[Problem to work on]
Where a line in the material beneath contains "last", count it. Give the number only.

[Listed records]
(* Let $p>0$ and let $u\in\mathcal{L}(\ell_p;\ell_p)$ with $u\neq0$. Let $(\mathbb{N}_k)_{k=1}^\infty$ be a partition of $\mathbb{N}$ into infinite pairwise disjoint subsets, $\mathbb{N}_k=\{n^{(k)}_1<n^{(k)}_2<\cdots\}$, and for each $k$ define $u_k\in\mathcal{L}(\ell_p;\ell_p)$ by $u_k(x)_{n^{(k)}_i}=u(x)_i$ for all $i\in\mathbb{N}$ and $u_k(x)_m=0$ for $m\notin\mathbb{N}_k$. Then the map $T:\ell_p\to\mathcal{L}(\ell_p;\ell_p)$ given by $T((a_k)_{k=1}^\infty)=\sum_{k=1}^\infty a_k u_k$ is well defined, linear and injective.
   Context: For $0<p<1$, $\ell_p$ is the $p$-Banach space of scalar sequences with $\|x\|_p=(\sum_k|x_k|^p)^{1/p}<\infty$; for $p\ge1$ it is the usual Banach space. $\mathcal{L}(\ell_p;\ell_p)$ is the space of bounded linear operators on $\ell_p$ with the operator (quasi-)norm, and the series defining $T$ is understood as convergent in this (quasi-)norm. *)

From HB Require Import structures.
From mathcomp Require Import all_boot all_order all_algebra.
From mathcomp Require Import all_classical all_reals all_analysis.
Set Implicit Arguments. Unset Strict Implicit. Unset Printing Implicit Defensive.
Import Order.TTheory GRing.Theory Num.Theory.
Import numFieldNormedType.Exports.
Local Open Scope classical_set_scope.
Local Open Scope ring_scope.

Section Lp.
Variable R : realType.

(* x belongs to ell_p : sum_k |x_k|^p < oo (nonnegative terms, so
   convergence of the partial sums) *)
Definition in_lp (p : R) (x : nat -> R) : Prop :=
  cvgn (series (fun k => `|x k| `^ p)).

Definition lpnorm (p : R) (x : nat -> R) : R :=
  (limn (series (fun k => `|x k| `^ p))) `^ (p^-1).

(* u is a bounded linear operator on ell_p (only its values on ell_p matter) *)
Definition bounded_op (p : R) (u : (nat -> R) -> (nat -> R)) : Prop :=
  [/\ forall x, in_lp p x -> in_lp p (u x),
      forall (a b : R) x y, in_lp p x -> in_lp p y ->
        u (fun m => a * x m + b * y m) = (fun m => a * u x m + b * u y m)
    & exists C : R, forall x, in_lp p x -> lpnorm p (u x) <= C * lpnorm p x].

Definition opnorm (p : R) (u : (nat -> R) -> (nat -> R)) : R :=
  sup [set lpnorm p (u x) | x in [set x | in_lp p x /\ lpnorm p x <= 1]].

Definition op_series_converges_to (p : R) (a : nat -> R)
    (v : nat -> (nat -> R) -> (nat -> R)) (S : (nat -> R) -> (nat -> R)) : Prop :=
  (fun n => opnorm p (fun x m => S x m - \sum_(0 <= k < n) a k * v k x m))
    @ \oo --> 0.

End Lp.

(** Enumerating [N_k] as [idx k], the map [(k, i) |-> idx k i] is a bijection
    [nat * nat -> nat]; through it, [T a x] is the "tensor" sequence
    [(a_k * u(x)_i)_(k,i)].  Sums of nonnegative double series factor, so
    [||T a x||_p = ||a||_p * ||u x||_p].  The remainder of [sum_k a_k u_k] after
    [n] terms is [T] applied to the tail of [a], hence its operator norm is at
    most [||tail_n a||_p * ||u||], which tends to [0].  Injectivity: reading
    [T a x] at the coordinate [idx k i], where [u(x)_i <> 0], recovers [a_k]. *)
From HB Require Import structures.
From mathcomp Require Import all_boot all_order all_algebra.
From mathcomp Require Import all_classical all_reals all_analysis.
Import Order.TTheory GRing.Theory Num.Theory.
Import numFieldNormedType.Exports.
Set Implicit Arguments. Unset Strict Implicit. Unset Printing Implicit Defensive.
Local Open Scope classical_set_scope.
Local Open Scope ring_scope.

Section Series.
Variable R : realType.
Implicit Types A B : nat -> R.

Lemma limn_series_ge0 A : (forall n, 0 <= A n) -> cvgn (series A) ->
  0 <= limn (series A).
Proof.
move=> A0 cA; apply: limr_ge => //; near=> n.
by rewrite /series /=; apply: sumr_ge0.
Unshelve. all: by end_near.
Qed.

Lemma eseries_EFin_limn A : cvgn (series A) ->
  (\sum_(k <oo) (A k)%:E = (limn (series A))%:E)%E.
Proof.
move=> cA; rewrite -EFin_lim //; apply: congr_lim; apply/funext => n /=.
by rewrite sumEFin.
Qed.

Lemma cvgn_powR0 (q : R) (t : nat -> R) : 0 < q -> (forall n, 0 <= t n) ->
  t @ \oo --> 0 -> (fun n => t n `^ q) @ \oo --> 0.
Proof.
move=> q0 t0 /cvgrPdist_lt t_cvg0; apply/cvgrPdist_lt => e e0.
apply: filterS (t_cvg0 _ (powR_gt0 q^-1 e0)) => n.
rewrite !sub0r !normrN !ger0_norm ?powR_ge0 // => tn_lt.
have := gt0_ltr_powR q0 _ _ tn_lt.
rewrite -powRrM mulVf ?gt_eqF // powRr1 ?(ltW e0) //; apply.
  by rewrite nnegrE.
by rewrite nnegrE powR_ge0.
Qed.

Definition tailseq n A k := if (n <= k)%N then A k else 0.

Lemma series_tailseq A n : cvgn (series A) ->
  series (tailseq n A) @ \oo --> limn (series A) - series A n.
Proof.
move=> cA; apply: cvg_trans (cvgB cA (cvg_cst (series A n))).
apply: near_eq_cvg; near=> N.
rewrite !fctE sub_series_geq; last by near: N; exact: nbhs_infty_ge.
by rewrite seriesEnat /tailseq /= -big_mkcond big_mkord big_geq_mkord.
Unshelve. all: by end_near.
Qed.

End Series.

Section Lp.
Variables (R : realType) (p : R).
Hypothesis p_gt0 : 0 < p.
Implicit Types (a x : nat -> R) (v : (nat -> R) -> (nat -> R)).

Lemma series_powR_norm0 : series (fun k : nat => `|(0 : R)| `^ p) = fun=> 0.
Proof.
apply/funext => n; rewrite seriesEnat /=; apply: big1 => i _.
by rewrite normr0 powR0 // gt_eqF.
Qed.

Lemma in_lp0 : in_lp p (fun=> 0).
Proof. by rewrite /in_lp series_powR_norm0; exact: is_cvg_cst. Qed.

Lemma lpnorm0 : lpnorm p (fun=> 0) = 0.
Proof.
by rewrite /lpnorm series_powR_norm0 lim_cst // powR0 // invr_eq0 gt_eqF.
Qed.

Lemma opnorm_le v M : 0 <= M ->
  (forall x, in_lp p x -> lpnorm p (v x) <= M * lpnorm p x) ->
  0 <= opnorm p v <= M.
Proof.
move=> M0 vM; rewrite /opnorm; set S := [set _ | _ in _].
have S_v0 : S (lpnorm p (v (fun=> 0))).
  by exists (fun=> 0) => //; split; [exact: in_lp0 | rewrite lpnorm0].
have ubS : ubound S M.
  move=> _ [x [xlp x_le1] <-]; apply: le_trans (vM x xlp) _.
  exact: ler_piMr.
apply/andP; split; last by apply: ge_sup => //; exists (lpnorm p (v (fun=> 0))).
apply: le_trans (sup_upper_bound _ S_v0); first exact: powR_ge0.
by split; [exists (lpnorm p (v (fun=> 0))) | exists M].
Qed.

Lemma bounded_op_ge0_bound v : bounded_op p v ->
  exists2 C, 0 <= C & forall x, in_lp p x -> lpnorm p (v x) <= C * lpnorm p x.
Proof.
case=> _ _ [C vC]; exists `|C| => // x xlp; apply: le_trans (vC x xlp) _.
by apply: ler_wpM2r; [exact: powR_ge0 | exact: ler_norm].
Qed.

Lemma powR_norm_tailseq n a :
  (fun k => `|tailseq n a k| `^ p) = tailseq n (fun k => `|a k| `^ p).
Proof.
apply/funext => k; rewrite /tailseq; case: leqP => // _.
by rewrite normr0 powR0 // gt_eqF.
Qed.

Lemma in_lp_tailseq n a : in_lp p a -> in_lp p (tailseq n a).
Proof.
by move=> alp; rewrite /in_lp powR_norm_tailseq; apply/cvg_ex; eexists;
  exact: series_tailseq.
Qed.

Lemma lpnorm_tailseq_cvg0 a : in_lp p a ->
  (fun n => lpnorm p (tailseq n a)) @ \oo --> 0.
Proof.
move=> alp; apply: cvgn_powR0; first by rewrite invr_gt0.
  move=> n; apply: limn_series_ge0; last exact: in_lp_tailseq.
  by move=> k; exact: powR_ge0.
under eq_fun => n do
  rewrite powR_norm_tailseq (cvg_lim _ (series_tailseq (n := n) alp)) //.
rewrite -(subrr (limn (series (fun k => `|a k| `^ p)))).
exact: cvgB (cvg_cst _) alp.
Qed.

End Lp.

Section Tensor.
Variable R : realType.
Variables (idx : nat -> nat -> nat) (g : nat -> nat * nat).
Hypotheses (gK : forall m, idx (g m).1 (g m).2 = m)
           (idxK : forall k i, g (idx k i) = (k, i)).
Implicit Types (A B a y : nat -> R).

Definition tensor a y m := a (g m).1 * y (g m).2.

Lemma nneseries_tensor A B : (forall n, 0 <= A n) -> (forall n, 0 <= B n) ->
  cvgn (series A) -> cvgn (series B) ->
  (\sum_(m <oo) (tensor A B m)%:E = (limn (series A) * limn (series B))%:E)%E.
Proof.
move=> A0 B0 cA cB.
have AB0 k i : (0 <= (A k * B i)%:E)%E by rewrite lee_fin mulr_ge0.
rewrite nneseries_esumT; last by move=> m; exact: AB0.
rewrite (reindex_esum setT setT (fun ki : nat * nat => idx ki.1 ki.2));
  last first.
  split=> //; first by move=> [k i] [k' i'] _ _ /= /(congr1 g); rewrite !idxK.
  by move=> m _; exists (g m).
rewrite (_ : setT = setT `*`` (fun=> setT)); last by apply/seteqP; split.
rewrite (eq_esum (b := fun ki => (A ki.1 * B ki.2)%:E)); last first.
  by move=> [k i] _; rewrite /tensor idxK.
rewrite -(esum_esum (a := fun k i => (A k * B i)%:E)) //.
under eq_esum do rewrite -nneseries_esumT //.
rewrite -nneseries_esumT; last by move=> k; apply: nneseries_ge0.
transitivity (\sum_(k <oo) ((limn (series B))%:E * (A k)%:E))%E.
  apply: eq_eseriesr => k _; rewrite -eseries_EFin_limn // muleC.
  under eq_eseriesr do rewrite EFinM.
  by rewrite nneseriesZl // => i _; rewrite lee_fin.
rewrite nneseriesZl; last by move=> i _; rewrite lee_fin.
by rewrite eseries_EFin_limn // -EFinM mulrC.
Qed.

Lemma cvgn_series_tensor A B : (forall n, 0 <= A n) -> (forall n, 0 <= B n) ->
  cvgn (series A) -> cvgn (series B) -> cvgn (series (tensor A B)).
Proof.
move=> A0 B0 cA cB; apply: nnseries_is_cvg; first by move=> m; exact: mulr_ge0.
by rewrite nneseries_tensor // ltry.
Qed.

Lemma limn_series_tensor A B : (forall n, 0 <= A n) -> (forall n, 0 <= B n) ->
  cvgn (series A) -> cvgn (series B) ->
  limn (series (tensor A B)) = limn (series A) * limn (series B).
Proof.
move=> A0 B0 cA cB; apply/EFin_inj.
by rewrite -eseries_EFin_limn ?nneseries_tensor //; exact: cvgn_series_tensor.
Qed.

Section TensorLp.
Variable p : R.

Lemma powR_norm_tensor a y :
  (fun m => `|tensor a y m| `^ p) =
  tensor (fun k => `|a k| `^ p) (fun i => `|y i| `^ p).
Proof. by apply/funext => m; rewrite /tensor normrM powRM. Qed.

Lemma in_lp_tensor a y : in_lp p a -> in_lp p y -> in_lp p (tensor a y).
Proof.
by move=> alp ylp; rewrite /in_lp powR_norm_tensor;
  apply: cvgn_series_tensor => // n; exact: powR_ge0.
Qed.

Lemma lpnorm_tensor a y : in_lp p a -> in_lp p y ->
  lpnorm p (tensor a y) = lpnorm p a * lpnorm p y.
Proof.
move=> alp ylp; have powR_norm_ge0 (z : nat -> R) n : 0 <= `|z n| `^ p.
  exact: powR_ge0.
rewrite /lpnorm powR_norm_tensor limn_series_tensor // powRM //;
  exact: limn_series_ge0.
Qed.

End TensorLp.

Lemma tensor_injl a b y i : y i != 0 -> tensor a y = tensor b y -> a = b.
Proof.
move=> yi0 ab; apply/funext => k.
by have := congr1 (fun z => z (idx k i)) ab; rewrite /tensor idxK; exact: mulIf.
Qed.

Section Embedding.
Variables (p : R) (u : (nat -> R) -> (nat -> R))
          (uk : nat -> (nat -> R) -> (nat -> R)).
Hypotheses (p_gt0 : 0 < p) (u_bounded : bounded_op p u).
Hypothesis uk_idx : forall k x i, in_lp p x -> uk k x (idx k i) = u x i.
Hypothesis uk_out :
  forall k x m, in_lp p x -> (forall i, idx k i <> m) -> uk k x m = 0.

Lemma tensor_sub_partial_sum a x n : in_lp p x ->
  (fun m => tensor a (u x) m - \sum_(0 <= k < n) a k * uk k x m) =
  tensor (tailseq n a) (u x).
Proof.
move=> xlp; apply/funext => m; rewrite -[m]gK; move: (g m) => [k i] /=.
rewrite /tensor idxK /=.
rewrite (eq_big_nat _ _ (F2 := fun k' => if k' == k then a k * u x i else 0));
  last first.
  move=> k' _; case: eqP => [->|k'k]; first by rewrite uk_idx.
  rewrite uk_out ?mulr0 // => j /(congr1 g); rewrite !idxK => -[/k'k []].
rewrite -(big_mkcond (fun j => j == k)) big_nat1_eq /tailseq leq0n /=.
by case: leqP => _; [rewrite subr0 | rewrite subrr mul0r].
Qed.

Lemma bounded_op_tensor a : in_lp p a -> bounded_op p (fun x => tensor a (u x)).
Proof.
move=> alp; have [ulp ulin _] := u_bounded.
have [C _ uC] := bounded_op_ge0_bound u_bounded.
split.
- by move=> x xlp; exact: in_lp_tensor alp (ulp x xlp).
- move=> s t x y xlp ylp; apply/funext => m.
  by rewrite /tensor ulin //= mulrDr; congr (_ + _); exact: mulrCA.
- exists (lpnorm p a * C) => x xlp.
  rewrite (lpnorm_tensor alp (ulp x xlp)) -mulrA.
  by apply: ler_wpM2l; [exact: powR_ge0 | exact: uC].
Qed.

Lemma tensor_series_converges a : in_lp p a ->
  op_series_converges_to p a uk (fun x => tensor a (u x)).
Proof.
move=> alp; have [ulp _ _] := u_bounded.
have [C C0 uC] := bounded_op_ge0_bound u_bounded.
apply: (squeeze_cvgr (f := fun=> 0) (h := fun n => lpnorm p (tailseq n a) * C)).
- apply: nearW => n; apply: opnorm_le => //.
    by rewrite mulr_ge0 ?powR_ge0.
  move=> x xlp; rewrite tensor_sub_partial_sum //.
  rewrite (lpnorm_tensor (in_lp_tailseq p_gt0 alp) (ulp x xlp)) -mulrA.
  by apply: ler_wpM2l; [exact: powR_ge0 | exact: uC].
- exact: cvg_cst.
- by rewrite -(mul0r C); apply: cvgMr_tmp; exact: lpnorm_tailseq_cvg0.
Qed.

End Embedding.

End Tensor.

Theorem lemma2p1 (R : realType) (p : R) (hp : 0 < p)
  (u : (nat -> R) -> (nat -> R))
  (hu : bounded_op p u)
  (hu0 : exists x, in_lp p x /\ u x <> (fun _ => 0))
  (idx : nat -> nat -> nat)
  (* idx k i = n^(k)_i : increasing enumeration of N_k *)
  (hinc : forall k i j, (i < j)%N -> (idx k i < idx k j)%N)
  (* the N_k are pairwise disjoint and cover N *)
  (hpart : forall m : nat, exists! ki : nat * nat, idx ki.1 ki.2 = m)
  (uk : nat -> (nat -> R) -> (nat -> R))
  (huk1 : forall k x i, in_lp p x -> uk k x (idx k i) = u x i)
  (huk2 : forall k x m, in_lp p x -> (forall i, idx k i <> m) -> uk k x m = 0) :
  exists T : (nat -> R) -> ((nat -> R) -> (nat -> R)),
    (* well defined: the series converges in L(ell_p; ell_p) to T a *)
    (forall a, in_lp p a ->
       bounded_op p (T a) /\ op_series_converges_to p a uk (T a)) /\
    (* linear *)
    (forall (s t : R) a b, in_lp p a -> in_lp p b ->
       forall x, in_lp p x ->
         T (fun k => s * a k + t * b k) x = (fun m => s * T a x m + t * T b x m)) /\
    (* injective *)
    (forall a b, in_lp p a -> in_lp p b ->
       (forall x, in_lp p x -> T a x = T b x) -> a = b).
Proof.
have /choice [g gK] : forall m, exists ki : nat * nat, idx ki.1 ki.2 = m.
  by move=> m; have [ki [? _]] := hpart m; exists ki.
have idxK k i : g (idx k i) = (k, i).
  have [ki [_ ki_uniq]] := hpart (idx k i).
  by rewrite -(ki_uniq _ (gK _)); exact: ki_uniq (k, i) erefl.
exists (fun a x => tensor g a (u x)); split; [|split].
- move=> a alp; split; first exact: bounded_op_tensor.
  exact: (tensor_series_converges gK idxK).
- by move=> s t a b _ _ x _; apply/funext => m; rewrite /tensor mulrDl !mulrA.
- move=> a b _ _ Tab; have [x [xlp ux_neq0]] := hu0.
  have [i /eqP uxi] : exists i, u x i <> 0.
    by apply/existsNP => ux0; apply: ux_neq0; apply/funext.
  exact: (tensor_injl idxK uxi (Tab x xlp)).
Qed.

[Result]
10